A King is Dead: Larry Cohen passes away at 77

Larry Cohen, the innovative visionary of 1970s and 1980s horror, blaxspoitation and sci-fi movies, passed away on 3/23/19.

Cohen started working in television as a writer in the early 1960s for classic shows like “The Defenders” and “The Fugitive”. In 1967, he created the sci-fi drama “The Invaders” for ABC which starred Roy Thinnes playing a architect who discovers an alien invasion plot to take over Earth.

In the 1970s, Cohen scripted episodes of “Columbo” and began writing material for the big screen with gritty and cutting edge subject matter, usually with New York City as the setting.

Many of his movies contained genuine “jump scare” moments leaving the viewers with dropped jaws. His movies made you feel like you are in a claustrophobic nightmare. People talk about scenes from a book “jumping right off of the page”. Cohen’s movies had characters that felt like they were jumping out at you from off of the screen.

His first feature film was”Bone” (1972), a dark comedy starring Yaphet Kotto as the title character.

It was the 1974 horror movie “It’s Alive” that put Cohen on the map as a horror and cult writer, director, and producer. The movie featured a murderous mutant baby who goes on a killing spree each time it becomes afraid. A young Rick Baker was the prop and special effects designer a few years before his work on Star Wars (1977).

In its first big screen release “It’s Alive” was not fully supported by Warner Bros. management, as they apparently didn’t have much faith in the premise. Most movie critics, including Gene Siskel, were not kind in their reviews.

Two years later, Cohen asked the new WB executive team to take another look. They decided to give it another chance with a much bigger and slicker advertising campaign behind it. That plan worked and the movie became a drive-in and grindhouse hit.

“It’s Alive” spawned two sequels, “It Lives Again” (1978) and “It’s Alive III: Island of the Alive” (1987). Both were written and directed by Cohen.

The controversial “God Told Me To” (aka “Demon”) in 1976 is probably even more shocking and offensive today than it was back then. Society has almost become as violent as the movie itself. Tony Lo Bianco plays a NYPD police detective who investigates a series of bizarre and seemingly random killings. The response from each of the killers is always the same when questioned: “God Told Me To”. The movie also stars the sorely missed Deborah Raffin and the always creepy Richard Lynch. Legendary comedy actor Andy Kaufman even has an important role as a police officer.

Cohen said he was inspired by the Bible to write the movie.

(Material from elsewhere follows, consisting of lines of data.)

Lemma FJ_rowsumX_lt1 : globally_reachable W (fun i => Lam i i < 1) ->
  exists K, forall i, (A ^+ K *m ones) i 0 < 1.
Proof.
move=> reach; have /fin_all_exists [k kP] :
    forall i, exists k, forall m, (k < m)%N -> (A ^+ m *m ones) i 0 < 1.
  move=> i; have [j Lj /connectP [p pP jE]] := reach i.
  by exists (size p); apply: FJ_rowsumX_lt1_path; rewrite -?jE.
by exists (\max_i k i).+1 => i; apply: kP; rewrite ltnS leq_bigmax.
Qed.

(* Restricting the rows of A to a closed class C gives a matrix P with P 1_C = 1_C;
   a left fixed vector of P vanishes off C and is then fixed by A itself. *)
Lemma closed_class_fixed_row (C : pred 'I_n) i0 :
  C i0 -> (forall i j, C i -> 0 < W i j -> C j) -> (forall i, C i -> Lam i i = 1) ->
  exists2 q : 'rV[R]_n, q *m A = q & q != 0.
Proof.
move=> Ci0 C_closed C_Lam.
have A_out i j : C i -> ~~ C j -> A i j = 0.
  move=> Ci Cj; rewrite diag_mulmxE //; suff -> : W i j = 0 by rewrite mulr0.
  by apply/eqP; rewrite eq_le W0 andbT leNgt; apply: contra Cj; apply: C_closed.
pose P := \matrix_(i, j) ((C i)%:R * A i j).
pose y : 'cV[R]_n := \col_j (C j)%:R.
have Py : P *m y = 1 *: y.
  apply/matrixP => i k; rewrite (ord1 k) scale1r !mxE.
  case Ci: (C i); last by rewrite big1 // => j _; rewrite mxE Ci !mul0r.
  transitivity (\sum_j A i j).
    apply: eq_bigr => j _; rewrite [P i j]mxE [y j 0]mxE Ci mul1r.
    by case Cj: (C j); rewrite ?mulr1 // A_out ?Cj ?mul0r.
  rewrite -(W_stoch i) -[RHS]mul1r -(C_Lam _ Ci) mulr_sumr.
  by apply: eq_bigr => j _; rewrite diag_mulmxE.
have y0 : y != 0.
  by apply/eqP => /matrixP /(_ i0 0); rewrite !mxE Ci0 => /eqP; rewrite oner_eq0.
have /eigenvalueP [q qP q0] : eigenvalue P 1 by apply/eigenvalue_colP; exists y.
rewrite scale1r in qP.
have q_out j : ~~ C j -> q 0 j = 0.
  move=> Cj; rewrite -qP mxE big1 // => i _; rewrite mxE.
  by case Ci: (C i); [rewrite A_out ?Ci // !mulr0 | rewrite !mul0r mulr0].
exists q => //; apply/rowP => j; rewrite -[in RHS]qP [LHS]mxE [RHS]mxE.
apply: eq_bigr => i _; rewrite [P i j]mxE.
by case Ci: (C i); rewrite ?mul1r // q_out ?Ci // !mul0r.
Qed.

Lemma FJ_fixed_row : ~ globally_reachable W (fun i => Lam i i < 1) ->
  exists2 q : 'rV[R]_n, q *m A = q & q != 0.
Proof.
move=> unreach.
have [i0 i0P] : exists i0, ~ exists2 j, Lam j j < 1 & connect (graph_edge W) i0 j.
  by apply/existsNP.
apply: (@closed_class_fixed_row (connect (graph_edge W) i0) i0 (connect0 _ _)).
  by move=> i j i0i Wij; apply: connect_trans i0i (connect1 Wij).
move=> i i0i; apply/eqP; rewrite eq_le; case/andP: (Lam01 i) => _ ->.
by rewrite leNgt; apply/negP => Li; apply: i0P; exists i.
Qed.

Lemma FJ_spectral_radius_lt1E :
  spectral_radius_lt1 A <-> globally_reachable W (fun i => Lam i i < 1).
Proof.
split=> [rhoA | reach].
  apply: contrapT => /FJ_fixed_row [q qA q0].
  apply: (negP (spectral_radius_lt1_eigenvalue1 rhoA)).
  by apply/eigenvalueP; exists q; rewrite ?scale1r.
have [K AK] := FJ_rowsumX_lt1 reach.
exact: spectral_radius_lt1_rowsumX FJ_nonneg AK.
Qed.

End FriedkinJohnsen.

Section FriedkinJohnsenMemory.
Variables (R : realType) (n : nat) (Lam W1 W2 : 'M[R]_n).
Hypotheses (Lam_diag : is_diag_mx Lam) (Lam01 : forall i, 0 <= Lam i i <= 1).
Hypotheses (W1_0 : nonneg_mx W1) (W2_0 : nonneg_mx W2).
Hypothesis W_stoch : forall i, \sum_j (W1 + W2) i j = 1.
Local Notation A := (Lam *m (W1 + W2)).
Local Notation Ad := (FJMM_mx Lam W1 W2).
Local Notation ones N := (const_mx 1 : 'cV[R]_N).

Let W_0 : nonneg_mx (W1 + W2) := nonneg_mxD W1_0 W2_0.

He thought God was the most violent “character” and people willing to do literally anything to serve a prophet or god made for a good concept. The movie was panned by critics and many in the audiences found it to be blasphemous.

1982’s “Q: The Winged Serpent” was Cohen’s “giant moster movie” in the tradition of “King Kong” and “Mothra”. A flying dragon-like creature decides to build a nest on top of the Chrysler Building to lay her eggs. She will kill anyone around the nest to protect her babies. There is also a side plot about a cult who perform ritual killings as sacrifices that the police also have to deal with. The movie stars Michael Moriarty, David Carradine, and Richard Roundtree.

“The Stuff” (1985) was everywhere after it’s theatrical release. It was a big VHS rental hit in the VCR Era (thanks to it’s striking movie poster/box cover) and it was also in regular rotation on cable TV throughout the remainder of the 1980s. It was Cohen’s biting commentary on America’s unhealthy obsession and addiction to “junk food”. The Stuff was an addictive yogurt-like substance that turned out to be a parasite which infected people and caused them to become zombies. The movie starred Michael Moriarty, Garrett Morris, and Paul Sorvino.

Cohen was the writer of “Maniac Cop” in 1988 directed by William Lusting. That movie, along with its sequels, were in endless rotation on The Movie Channel and Cinemax. Edited versions were broadcast on USA Network and other basic cable networks during the 1990s.

In the 1990s, Cohen was involved in projects that would generally go straight to cable or to video like the charming “The Ambulance” (with Eric Roberts, James Earl Jones, and Red Buttons), “As Good as Dead” (with Traci Lords), and the infamous “Uncle Sam” (with William Smith, Bo Hopkins, and Isaac Hayes) which seemed to be on every video store shelf in those days.

In 2017, Cohen was the subject of Steve Mitchell’s documentary, “King Cohen: The Wild World of Filmmaker Larry Cohen”. Countless stars who worked with him were interviewed for the piece along with current directors and producers that were inspired by him.